Underrated Phrase – 助かりました

tasukarimashita

While Japanese does have a high tolerance for repetition and redundancy, it’s important to expand your vocabulary. Throwing in a 大好物 instead of 好き (for food only!), knowing how to vary your いい, using some onomatopoeia instead of regular adjectives  – they’re all part of the don’t-sound-like-a-dope game we non-native speakers play.

Arguably the single most repeated phrase is the simple ありがとうございます (which I have a lot of trouble pronouncing – I hate that friggin り!). Sure, this is relatively easy to mix up with ありがとう, どうも, or even あざーす (for comedic effect), but these still lie within the sphere of the basic term for “Thank you.”

So how do you express your gratitude in a different way? The word you are looking for is 助かる. I’m sure you’re more familiar/comfortable with its transitive cousin 助ける, which means to help/save.

(Quick sidenote: if you’re trying to say help as in “help someone do relatively simple thing X,” then you’re probably looking for the verb 手伝う. 助ける is closer to “save someone’s life” than “help erase the chalkboard.”)

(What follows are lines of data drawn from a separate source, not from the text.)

(* Consider the network system of the context and assume every subsystem $G_i\in\mathcal{RH}_\infty$. Then the entire network system (subsystems $G_1,\dots,G_N$, interaction $\boldsymbol v=\boldsymbol L\boldsymbol w$, decentralized controller $u_i=K_iy_i$) is internally stable for every interaction $\boldsymbol L$ such that the preexisting system $\boldsymbol G_{\rm pre}$ is internally stable if and only if each $K_i$, $i=1,\dots,N$, is a retrofit controller for $G_i$, i.e. (equivalently) $K_i=(I+Q_iG_{y_iu_i})^{-1}Q_i$ for some $Q_i\in\mathcal{RH}_\infty$ with $G_{w_iu_i}Q_iG_{y_iv_i}=0$.
   Context: For $i=1,\dots,N$, subsystem $G_i$ is a proper real rational transfer matrix with inputs $(v_i,d_i,u_i)$ and outputs $(w_i,z_i,y_i)$, $G_{a_ib_i}$ denoting the block from $b_i$ to $a_i$. Stacked signals $\boldsymbol v=\mathrm{col}(v_1,\dots,v_N)$ etc.; the interaction is $\boldsymbol v=\boldsymbol L\boldsymbol w$ with $\boldsymbol L=[L_{ij}]$ an arbitrary proper real rational (possibly dynamic) transfer matrix; the decentralized controller is $\boldsymbol u=\boldsymbol K\boldsymbol y$, $\boldsymbol K=\mathrm{diag}(K_1,\dots,K_N)$. Let $\boldsymbol G_{\boldsymbol{wv}}:=\mathrm{diag}(G_{w_iv_i})$ and similarly for other blocks. The preexisting system $\boldsymbol G_{\rm pre}$ is the loop $\boldsymbol w=\boldsymbol G_{\boldsymbol{wv}}\boldsymbol v$, $\boldsymbol v=\boldsymbol L\boldsymbol w$. All feedback systems are well-posed; internal stability is standard. $\mathcal{RH}_\infty$: stable proper real rational transfer matrices. For a single subsystem $G$ (inputs $v,d,u$; outputs $w,z,y$), a controller $u=Ky$ is a retrofit controller if the feedback system of $G$, $u=Ky$, and $v=\overline{G}w$ is internally stable for every proper real rational $\overline{G}$ such that the loop $w=G_{wv}v$, $v=\overline{G}w$ is internally stable. *)

From HB Require Import structures.
From mathcomp Require Import all_boot all_order all_algebra.
From mathcomp Require Import fraction.
Set Implicit Arguments. Unset Strict Implicit. Unset Printing Implicit Defensive.
Import Order.TTheory GRing.Theory Num.Theory.
Local Open Scope ring_scope.

(* Transfer functions: elements of the field of rational functions C(s),
   C an algebraically closed numeric field (model of the complex numbers). *)
Definition tf (C : numClosedFieldType) := {fraction {poly C}}.

Notation "x %:F" := (@FracField.tofrac _ x) : ring_scope.

Definition realpoly (C : numClosedFieldType) (p : {poly C}) : Prop :=
  forall k, p`_k \is Num.real.

Definition prr (C : numClosedFieldType) (f : tf C) : Prop :=
  exists p q : {poly C}, [/\ q != 0, realpoly p, realpoly q,
    (size p <= size q)%N & f = (p%:F) / (q%:F)].

Definition RH (C : numClosedFieldType) (f : tf C) : Prop :=
  exists p q : {poly C}, [/\ q != 0, realpoly p /\ realpoly q,
    (size p <= size q)%N,
    (forall z : C, root q z -> 'Re z < 0) & f = (p%:F) / (q%:F)].

Definition mx_prr (C : numClosedFieldType) m n (A : 'M[tf C]_(m, n)) : Prop :=
  forall i j, prr (A i j).
Definition mx_RH (C : numClosedFieldType) m n (A : 'M[tf C]_(m, n)) : Prop :=
  forall i j, RH (A i j).

(* Internal stability (incl. well-posedness) of the loop
   y = P (u + e_u), u = K (y + e_y):
   all maps (e_u, e_y) -> (u, y) are in RH_infinity. *)
Definition loop_stable (C : numClosedFieldType) (a b : nat)
  (P : 'M[tf C]_(a, b)) (K : 'M[tf C]_(b, a)) : Prop :=
  let S := invmx (1%:M - K *m P) in
  [/\ (1%:M - K *m P) \in unitmx,
      mx_RH (S *m K *m P), mx_RH (S *m K),
      mx_RH (P + P *m S *m K *m P) & mx_RH (P *m S *m K)].

(* Internal stability (incl. well-posedness) of the generalized plant
   [z; y] = [P11 P12; P21 P22] [d; u + e_u] with u = K (y + e_y):
   all maps (d, e_u, e_y) -> (z, y, u) are in RH_infinity. *)
Definition lft_stable (C : numClosedFieldType) (nz nd ny nu : nat)
  (P11 : 'M[tf C]_(nz, nd)) (P12 : 'M[tf C]_(nz, nu))
  (P21 : 'M[tf C]_(ny, nd)) (P22 : 'M[tf C]_(ny, nu))
  (K : 'M[tf C]_(nu, ny)) : Prop :=
  let S := invmx (1%:M - K *m P22) in
  [/\ (1%:M - K *m P22) \in unitmx,
      [/\ mx_RH (S *m K *m P21), mx_RH (S *m K *m P22) & mx_RH (S *m K)],
      [/\ mx_RH (P21 + P22 *m S *m K *m P21), mx_RH (P22 + P22 *m S *m K *m P22) &
          mx_RH (P22 *m S *m K)] &
      [/\ mx_RH (P11 + P12 *m S *m K *m P21), mx_RH (P12 + P12 *m S *m K *m P22) &
          mx_RH (P12 *m S *m K)]].

Record subsys (C : numClosedFieldType) (nv nd nu nw nz ny : nat) := Subsys {
  Gwv : 'M[tf C]_(nw, nv); Gwd : 'M[tf C]_(nw, nd); Gwu : 'M[tf C]_(nw, nu);
  Gzv : 'M[tf C]_(nz, nv); Gzd : 'M[tf C]_(nz, nd); Gzu : 'M[tf C]_(nz, nu);
  Gyv : 'M[tf C]_(ny, nv); Gyd : 'M[tf C]_(ny, nd); Gyu : 'M[tf C]_(ny, nu) }.

Definition subsys_RH (C : numClosedFieldType) nv nd nu nw nz ny
  (G : subsys C nv nd nu nw nz ny) : Prop :=
  [/\ [/\ mx_RH (Gwv G), mx_RH (Gwd G) & mx_RH (Gwu G)],
      [/\ mx_RH (Gzv G), mx_RH (Gzd G) & mx_RH (Gzu G)] &
      [/\ mx_RH (Gyv G), mx_RH (Gyd G) & mx_RH (Gyu G)]].

(* Feedback system of G, u = K y and v = Gbar w (d exogenous, z output). *)
Definition fb3_stable (C : numClosedFieldType) nv nd nu nw nz ny
  (G : subsys C nv nd nu nw nz ny) (Gbar : 'M[tf C]_(nv, nw))
  (K : 'M[tf C]_(nu, ny)) : Prop :=
  lft_stable (Gzd G) (row_mx (Gzv G) (Gzu G)) (col_mx (Gwd G) (Gyd G))
    (block_mx (Gwv G) (Gwu G) (Gyv G) (Gyu G))
    (block_mx Gbar 0 0 K).

Definition retrofit (C : numClosedFieldType) nv nd nu nw nz ny
  (G : subsys C nv nd nu nw nz ny) (K : 'M[tf C]_(nu, ny)) : Prop :=
  forall Gbar : 'M[tf C]_(nv, nw), mx_prr Gbar ->
    loop_stable (Gwv G) Gbar -> fb3_stable G Gbar K.

Definition bdiag (T : nzRingType) (N : nat) (p q : 'I_N -> nat)
  (B : forall i, 'M[T]_(p i, q i)) : 'M[T]_(\sum_i p i, \sum_i q i) :=
  \mxblock_(i < N, j < N) (if i == j then conform_mx 0 (B i) else 0).

(* The network: stacked subsystems, v = L w, u = diag(K_i) y. *)
Definition network_stable (C : numClosedFieldType) (N : nat)
  (nv nd nu nw nz ny : 'I_N -> nat)
  (G : forall i, subsys C (nv i) (nd i) (nu i) (nw i) (nz i) (ny i))
  (L : 'M[tf C]_(\sum_i nv i, \sum_i nw i))
  (K : forall i, 'M[tf C]_(nu i, ny i)) : Prop :=
  lft_stable (bdiag (fun i => Gzd (G i)))
    (row_mx (bdiag (fun i => Gzv (G i))) (bdiag (fun i => Gzu (G i))))
    (col_mx (bdiag (fun i => Gwd (G i))) (bdiag (fun i => Gyd (G i))))
    (block_mx (bdiag (fun i => Gwv (G i))) (bdiag (fun i => Gwu (G i)))
              (bdiag (fun i => Gyv (G i))) (bdiag (fun i => Gyu (G i))))
    (block_mx L 0 0 (bdiag K)).

(* Preexisting system: w = diag(G_wv) v, v = L w. *)
Definition pre_stable (C : numClosedFieldType) (N : nat)
  (nv nd nu nw nz ny : 'I_N -> nat)
  (G : forall i, subsys C (nv i) (nd i) (nu i) (nw i) (nz i) (ny i))
  (L : 'M[tf C]_(\sum_i nv i, \sum_i nw i)) : Prop :=
  loop_stable (bdiag (fun i => Gwv (G i))) L.

From HB Require Import structures.
From mathcomp Require Import all_boot all_order all_algebra.
From mathcomp Require Import fraction.
From mathcomp Require Import ring.
Set Implicit Arguments. Unset Strict Implicit. Unset Printing Implicit Defensive.
Import Order.TTheory GRing.Theory Num.Theory.
Local Open Scope ring_scope.

(* Transfer functions live in the fraction field of C[s]; RH_infinity is the
   subring of proper real rational functions with poles in Re s < 0.  For a
   stable plant P, internal stability of the loop u = K y reduces to the
   existence of a stable T with (I - K P) T = K ("K stabilizes P").

   The core result is a characterization of retrofit controllers of a stable
   subsystem G: K is retrofit iff it has a stable Youla parameter
   Q = (I - K Gyu)^-1 K with Gwu Q Gyv = 0.  Sufficiency is an explicit
   closed-loop formula.  Necessity: the environment Gbar = 0 yields Q, and if
   Gwu Q Gyv were nonzero, a rank-one proper real rational environment
   stabilizing Gwv but not Gwv + Gwu Q Gyv would violate the retrofit
   property; that environment is built from a first-order function
   c / (s + 1) placing a closed-loop pole at a point s0 >= 0.

   The network is the block-diagonal stacking of its subsystems, so network
   stability for all admissible interactions is the retrofit property of
   diag(K_i) for the stacked subsystem, and Youla parameters of the stack are
   exactly block-diagonal families of local ones.  Algebraically,
   Q = (I - K Gyu)^-1 K is equivalent to K = (I + Q Gyu)^-1 Q. *)

Section StableRationalFunctions.
Variable C : numClosedFieldType.
Implicit Types (p q : {poly C}) (f g : tf C).

Lemma realpolyD p q : realpoly p -> realpoly q -> realpoly (p + q).
Proof. by move=> hp hq k; rewrite coefD rpredD. Qed.

Lemma realpolyM p q : realpoly p -> realpoly q -> realpoly (p * q).
Proof. by move=> hp hq k; rewrite coefM rpred_sum // => i _; rewrite rpredM. Qed.

Lemma realpolyC (c : C) : c \is Num.real -> realpoly c%:P.
Proof. by move=> hc k; rewrite coefC; case: ifP. Qed.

Don’t even think about what 助かる means – that’s not the goal here. The goal is to figure out the usage. I don’t remember a specific incident when I learned this, but I do remember the fact that people often said 助かった or 助かりました after I’d done something nice/helpful. I started throwing it around with decent results.

It doesn’t substitute for ありがとうございます in all cases, but if someone has done you a favor then 助かりました is a really nice way to say that you appreciated what they did for you, especially if the favor was unexpected. I should probably note that even the distal form of this pattern is a slightly casual – don’t go using it on the emperor.

And just for fun let’s look at it literally. I mentioned transitive up there somewhere, but I think 助かる is best considered a passive tense verb. When you say it with the zero pronoun, you become the subject of 助かりました. (私が)助かりました is what you should be thinking to yourself when you say it. Literally, (bear with me here) “I was helped.” And there’s more invisible people involved in this one word sentence, of course. The complete sentence with all invisible individuals accounted for looks like this: (私が君に)助かりました, or “I was helped by you.” In normal English, “What you did for me was a big help.” Maybe even more naturally, “I really appreciate what you did for me.”

But you don’t need to think about it too much. Just throw it out there when somebody does something nice for you. Get used to it, yo.